== Segment start ==

(* Let $(X,d)$ be a compact metric space, $f:X\to X$ continuous, and $\mathcal A\subset\mathcal K(X)$ a nonempty set with the finite union property. Then $$\mathcal E(f_{\mathcal K},\mathcal A)\ge\lim_{\varepsilon\to0}\limsup_{n\to\infty}\frac{\log B(\mathcal A,n,\varepsilon)}{n}.$$
   Context: $\mathcal K(X)$ is the space of nonempty closed subsets of $X$, $f_{\mathcal K}(B)=f(B)$. $\mathcal A$ has the finite union property if $B\cup C\in\mathcal A$ for all $B,C\in\mathcal A$. $d_n(x,y)=\max_{0\le i\le n-1}d(f^ix,f^iy)$. $B,C$ are $(n,\varepsilon)$-split if $\min\{d_n(x,y):x\in B,y\in C\}>\varepsilon$; $B(\mathcal A,n,\varepsilon)$ is the maximal number of pairwise $(n,\varepsilon)$-split elements of $\mathcal A$. $A^\varepsilon_n=\{x:d_n(x,A)<\varepsilon\}$, $H^n(B,C)=\inf\{\varepsilon>0:B\subset C^\varepsilon_n,C\subset B^\varepsilon_n\}$; $N_{\mathcal K}(\mathcal Z,n,\varepsilon)$ is the smallest cardinality of $\mathcal G\subset\mathcal K(X)$ with each $B\in\mathcal Z$ within $H^n$-distance $\le\varepsilon$ of some element of $\mathcal G$; $\mathcal E(f_{\mathcal K},\mathcal Z)=\lim_{\varepsilon\to0}\limsup_n\frac{\log\log N_{\mathcal K}(\mathcal Z,n,\varepsilon)}{n}$ (convention $\log0=0$). *)

From HB Require Import structures.
From mathcomp Require Import all_boot all_order all_algebra.
From mathcomp Require Import all_classical all_reals all_analysis.
Set Implicit Arguments. Unset Strict Implicit. Unset Printing Implicit Defensive.
Import Order.TTheory GRing.Theory Num.Theory.
Local Open Scope classical_set_scope.
Local Open Scope ring_scope.

Section Defs.
Context {R : realType} {X : metricType R}.
Variable f : X -> X.

Definition inK (B : set X) : Prop := closed B /\ B !=set0.

Definition dn (n : nat) (x y : X) : R :=
  \big[Num.max/0]_(i < n) mdist (iter i f x) (iter i f y).
(* Let $\nu\in\mathbb{S}^{2n}$, $d\in\mathbb{R}$, $\Pi^+_{\nu,d}=\{\xi\in\mathbb{R}^{2n+1}:\langle\xi,\nu\rangle>d\}$, $p\ge2$ (in fact any $p>1$) and $1\le i\le n$. Then for every real-valued $u\in C_0^\infty(\Pi^+_{\nu,d})$, \[ \Bigl(\frac{p-1}{p}\Bigr)^p\int_{\Pi^+_{\nu,d}}\frac{|\langle X_i(\xi),\nu\rangle|^p}{\operatorname{dist}(\xi,\partial\Pi^+_{\nu,d})^p}|u|^p\,d\xi\le\int_{\Pi^+_{\nu,d}}|X_iu|^p\,d\xi, \] and the same inequality holds with $X_i$ replaced by $Y_i$ on both sides.
   Context: Points of $\mathbb{R}^{2n+1}$ are written $\xi=(x,y,t)$, $x,y\in\mathbb{R}^n$, $t\in\mathbb{R}$. For $1\le i\le n$, $X_i=\partial_{x_i}+2y_i\partial_t$ and $Y_i=\partial_{y_i}-2x_i\partial_t$ (the left-invariant horizontal vector fields of the Heisenberg group $\mathbb{H}^n$), identified with their coefficient vectors in $\mathbb{R}^{2n+1}$; $\langle\cdot,\cdot\rangle$ is the Euclidean inner product, $\mathbb{S}^{2n}$ the Euclidean unit sphere, $\operatorname{dist}$ the Euclidean distance. *)

(* Points of R^N are encoded as (nat -> R),
   only coordinates 0..N-1 being meaningful. For R^{2n+1}:
   x_j = coord (j-1), y_j = coord (n+j-1), t = coord 2n   (j = 1..n). *)
From Stdlib Require Import Reals Lra Classical ClassicalEpsilon.
Open Scope R_scope.

Fixpoint sumN (N : nat) (f : nat -> R) : R :=
  match N with O => 0 | S m => sumN m f + f m end.

Definition dotN (N : nat) (a b : nat -> R) : R := sumN N (fun k => a k * b k).

Definition eucl_dist (N : nat) (a b : nat -> R) : R :=
  sqrt (sumN N (fun k => (a k - b k) ^ 2)).

(* |x|^p with the convention 0^p = 0 (p > 0) *)
Definition powa (x p : R) : R :=
  if Req_dec_T x 0 then 0 else Rpower (Rabs x) p.
(* Let $G=(V,w,m)$ be a locally finite measured weighted graph with $D:=\operatorname{Deg}_{\max}<\infty$, $q:=q_{\min}>0$ and $\kappa(x,y)\ge0$ for all $x\ne y\in V$. Let $f:V\to\mathbb{R}$ be harmonic ($\Delta f=0$) with $\|\nabla f\|_\infty=1$. Let $\varepsilon\in(0,q/(4D))$ and let $x_0\neq y_0$ satisfy $f(x_0)-f(y_0)\ge d(x_0,y_0)-\varepsilon$. Then there exist $x'\in B_1(x_0)$ and $y'\in B_1(y_0)$ such that $$f(x')-f(y')>d(x',y')-\varepsilon\cdot\frac{10D}{q}\qquad\text{and}\qquad d(x',y')>d(x_0,y_0).$$
   Context: A measured weighted graph $G=(V,w,m)$: countable $V$, symmetric $w:V\times V\to[0,\infty)$ vanishing on the diagonal, $m:V\to(0,\infty)$; $x\sim y$ iff $w(x,y)>0$; locally finite means each vertex has finitely many neighbours. $q(x,y):=w(x,y)/m(x)$, $\Delta f(x):=\sum_y q(x,y)(f(y)-f(x))$, $\operatorname{Deg}_{\max}:=\sup_x\sum_y q(x,y)$, $q_{\min}:=\inf_{x\sim y}q(x,y)$. $d$ is the combinatorial graph distance and $B_1(x)=\{z:d(x,z)\le1\}$. For $x\ne y$, $\nabla_{xy}f:=(f(x)-f(y))/d(x,y)$, $\|\nabla f\|_\infty:=\sup_{x\sim y}\nabla_{xy}f$, and the Ollivier curvature is $\kappa(x,y):=\inf\{\nabla_{xy}\Delta f: \nabla_{yx}f=1,\ \|\nabla f\|_\infty=1\}$. *)

From HB Require Import structures.
From mathcomp Require Import all_boot all_order all_algebra.
From mathcomp Require Import all_classical all_reals ereal.
Set Implicit Arguments. Unset Strict Implicit. Unset Printing Implicit Defensive.
Import Order.TTheory GRing.Theory Num.Theory.
Local Open Scope classical_set_scope.
Local Open Scope ring_scope.

Section Graph.
Variables (R : realType) (V : countType) (w : V -> V -> R) (m : V -> R).

Definition is_mwgraph : Prop :=
  (forall x y, 0 <= w x y) /\ (forall x y, w x y = w y x) /\
  (forall x, w x x = 0) /\ (forall x, 0 < m x).

Definition adj (x y : V) : Prop := 0 < w x y.

Definition nbhd (x : V) : set V := [set y | adj x y].

Definition locally_finite : Prop := forall x, finite_set (nbhd x).

Definition qq (x y : V) : R := w x y / m x.

(* Laplacian: sum over neighbours (finite by local finiteness) *)
Definition Lap (f : V -> R) (x : V) : R :=
  \sum_(y \in nbhd x) qq x y * (f y - f x).

Definition Deg (x : V) : R := \sum_(y \in nbhd x) qq x y.

Definition Deg_max : \bar R := ereal_sup [set (Deg x)%:E | x in [set: V]].

Definition q_min : \bar R :=
  ereal_inf [set (qq xy.1 xy.2)%:E | xy in [set xy : V * V | adj xy.1 xy.2]].

Inductive walk (x : V) : V -> nat -> Prop :=
| walk0 : walk x x 0
| walkS y z n : walk x y n -> adj y z -> walk x z n.+1.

== Segment end ==

Task prompt -
Each entry above, in full, should be output exactly as it reads.

Reply -
(* Let $(X,d)$ be a compact metric space, $f:X\to X$ continuous, and $\mathcal A\subset\mathcal K(X)$ a nonempty set with the finite union property. Then $$\mathcal E(f_{\mathcal K},\mathcal A)\ge\lim_{\varepsilon\to0}\limsup_{n\to\infty}\frac{\log B(\mathcal A,n,\varepsilon)}{n}.$$
   Context: $\mathcal K(X)$ is the space of nonempty closed subsets of $X$, $f_{\mathcal K}(B)=f(B)$. $\mathcal A$ has the finite union property if $B\cup C\in\mathcal A$ for all $B,C\in\mathcal A$. $d_n(x,y)=\max_{0\le i\le n-1}d(f^ix,f^iy)$. $B,C$ are $(n,\varepsilon)$-split if $\min\{d_n(x,y):x\in B,y\in C\}>\varepsilon$; $B(\mathcal A,n,\varepsilon)$ is the maximal number of pairwise $(n,\varepsilon)$-split elements of $\mathcal A$. $A^\varepsilon_n=\{x:d_n(x,A)<\varepsilon\}$, $H^n(B,C)=\inf\{\varepsilon>0:B\subset C^\varepsilon_n,C\subset B^\varepsilon_n\}$; $N_{\mathcal K}(\mathcal Z,n,\varepsilon)$ is the smallest cardinality of $\mathcal G\subset\mathcal K(X)$ with each $B\in\mathcal Z$ within $H^n$-distance $\le\varepsilon$ of some element of $\mathcal G$; $\mathcal E(f_{\mathcal K},\mathcal Z)=\lim_{\varepsilon\to0}\limsup_n\frac{\log\log N_{\mathcal K}(\mathcal Z,n,\varepsilon)}{n}$ (convention $\log0=0$). *)

From HB Require Import structures.
From mathcomp Require Import all_boot all_order all_algebra.
From mathcomp Require Import all_classical all_reals all_analysis.
Set Implicit Arguments. Unset Strict Implicit. Unset Printing Implicit Defensive.
Import Order.TTheory GRing.Theory Num.Theory.
Local Open Scope classical_set_scope.
Local Open Scope ring_scope.

Section Defs.
Context {R : realType} {X : metricType R}.
Variable f : X -> X.

Definition inK (B : set X) : Prop := closed B /\ B !=set0.

Definition dn (n : nat) (x y : X) : R :=
  \big[Num.max/0]_(i < n) mdist (iter i f x) (iter i f y).
(* Let $\nu\in\mathbb{S}^{2n}$, $d\in\mathbb{R}$, $\Pi^+_{\nu,d}=\{\xi\in\mathbb{R}^{2n+1}:\langle\xi,\nu\rangle>d\}$, $p\ge2$ (in fact any $p>1$) and $1\le i\le n$. Then for every real-valued $u\in C_0^\infty(\Pi^+_{\nu,d})$, \[ \Bigl(\frac{p-1}{p}\Bigr)^p\int_{\Pi^+_{\nu,d}}\frac{|\langle X_i(\xi),\nu\rangle|^p}{\operatorname{dist}(\xi,\partial\Pi^+_{\nu,d})^p}|u|^p\,d\xi\le\int_{\Pi^+_{\nu,d}}|X_iu|^p\,d\xi, \] and the same inequality holds with $X_i$ replaced by $Y_i$ on both sides.
   Context: Points of $\mathbb{R}^{2n+1}$ are written $\xi=(x,y,t)$, $x,y\in\mathbb{R}^n$, $t\in\mathbb{R}$. For $1\le i\le n$, $X_i=\partial_{x_i}+2y_i\partial_t$ and $Y_i=\partial_{y_i}-2x_i\partial_t$ (the left-invariant horizontal vector fields of the Heisenberg group $\mathbb{H}^n$), identified with their coefficient vectors in $\mathbb{R}^{2n+1}$; $\langle\cdot,\cdot\rangle$ is the Euclidean inner product, $\mathbb{S}^{2n}$ the Euclidean unit sphere, $\operatorname{dist}$ the Euclidean distance. *)

(* Points of R^N are encoded as (nat -> R),
   only coordinates 0..N-1 being meaningful. For R^{2n+1}:
   x_j = coord (j-1), y_j = coord (n+j-1), t = coord 2n   (j = 1..n). *)
From Stdlib Require Import Reals Lra Classical ClassicalEpsilon.
Open Scope R_scope.

Fixpoint sumN (N : nat) (f : nat -> R) : R :=
  match N with O => 0 | S m => sumN m f + f m end.

Definition dotN (N : nat) (a b : nat -> R) : R := sumN N (fun k => a k * b k).

Definition eucl_dist (N : nat) (a b : nat -> R) : R :=
  sqrt (sumN N (fun k => (a k - b k) ^ 2)).

(* |x|^p with the convention 0^p = 0 (p > 0) *)
Definition powa (x p : R) : R :=
  if Req_dec_T x 0 then 0 else Rpower (Rabs x) p.
(* Let $G=(V,w,m)$ be a locally finite measured weighted graph with $D:=\operatorname{Deg}_{\max}<\infty$, $q:=q_{\min}>0$ and $\kappa(x,y)\ge0$ for all $x\ne y\in V$. Let $f:V\to\mathbb{R}$ be harmonic ($\Delta f=0$) with $\|\nabla f\|_\infty=1$. Let $\varepsilon\in(0,q/(4D))$ and let $x_0\neq y_0$ satisfy $f(x_0)-f(y_0)\ge d(x_0,y_0)-\varepsilon$. Then there exist $x'\in B_1(x_0)$ and $y'\in B_1(y_0)$ such that $$f(x')-f(y')>d(x',y')-\varepsilon\cdot\frac{10D}{q}\qquad\text{and}\qquad d(x',y')>d(x_0,y_0).$$
   Context: A measured weighted graph $G=(V,w,m)$: countable $V$, symmetric $w:V\times V\to[0,\infty)$ vanishing on the diagonal, $m:V\to(0,\infty)$; $x\sim y$ iff $w(x,y)>0$; locally finite means each vertex has finitely many neighbours. $q(x,y):=w(x,y)/m(x)$, $\Delta f(x):=\sum_y q(x,y)(f(y)-f(x))$, $\operatorname{Deg}_{\max}:=\sup_x\sum_y q(x,y)$, $q_{\min}:=\inf_{x\sim y}q(x,y)$. $d$ is the combinatorial graph distance and $B_1(x)=\{z:d(x,z)\le1\}$. For $x\ne y$, $\nabla_{xy}f:=(f(x)-f(y))/d(x,y)$, $\|\nabla f\|_\infty:=\sup_{x\sim y}\nabla_{xy}f$, and the Ollivier curvature is $\kappa(x,y):=\inf\{\nabla_{xy}\Delta f: \nabla_{yx}f=1,\ \|\nabla f\|_\infty=1\}$. *)

From HB Require Import structures.
From mathcomp Require Import all_boot all_order all_algebra.
From mathcomp Require Import all_classical all_reals ereal.
Set Implicit Arguments. Unset Strict Implicit. Unset Printing Implicit Defensive.
Import Order.TTheory GRing.Theory Num.Theory.
Local Open Scope classical_set_scope.
Local Open Scope ring_scope.

Section Graph.
Variables (R : realType) (V : countType) (w : V -> V -> R) (m : V -> R).

Definition is_mwgraph : Prop :=
  (forall x y, 0 <= w x y) /\ (forall x y, w x y = w y x) /\
  (forall x, w x x = 0) /\ (forall x, 0 < m x).

Definition adj (x y : V) : Prop := 0 < w x y.

Definition nbhd (x : V) : set V := [set y | adj x y].

Definition locally_finite : Prop := forall x, finite_set (nbhd x).

Definition qq (x y : V) : R := w x y / m x.

(* Laplacian: sum over neighbours (finite by local finiteness) *)
Definition Lap (f : V -> R) (x : V) : R :=
  \sum_(y \in nbhd x) qq x y * (f y - f x).

Definition Deg (x : V) : R := \sum_(y \in nbhd x) qq x y.

Definition Deg_max : \bar R := ereal_sup [set (Deg x)%:E | x in [set: V]].

Definition q_min : \bar R :=
  ereal_inf [set (qq xy.1 xy.2)%:E | xy in [set xy : V * V | adj xy.1 xy.2]].

Inductive walk (x : V) : V -> nat -> Prop :=
| walk0 : walk x x 0
| walkS y z n : walk x y n -> adj y z -> walk x z n.+1.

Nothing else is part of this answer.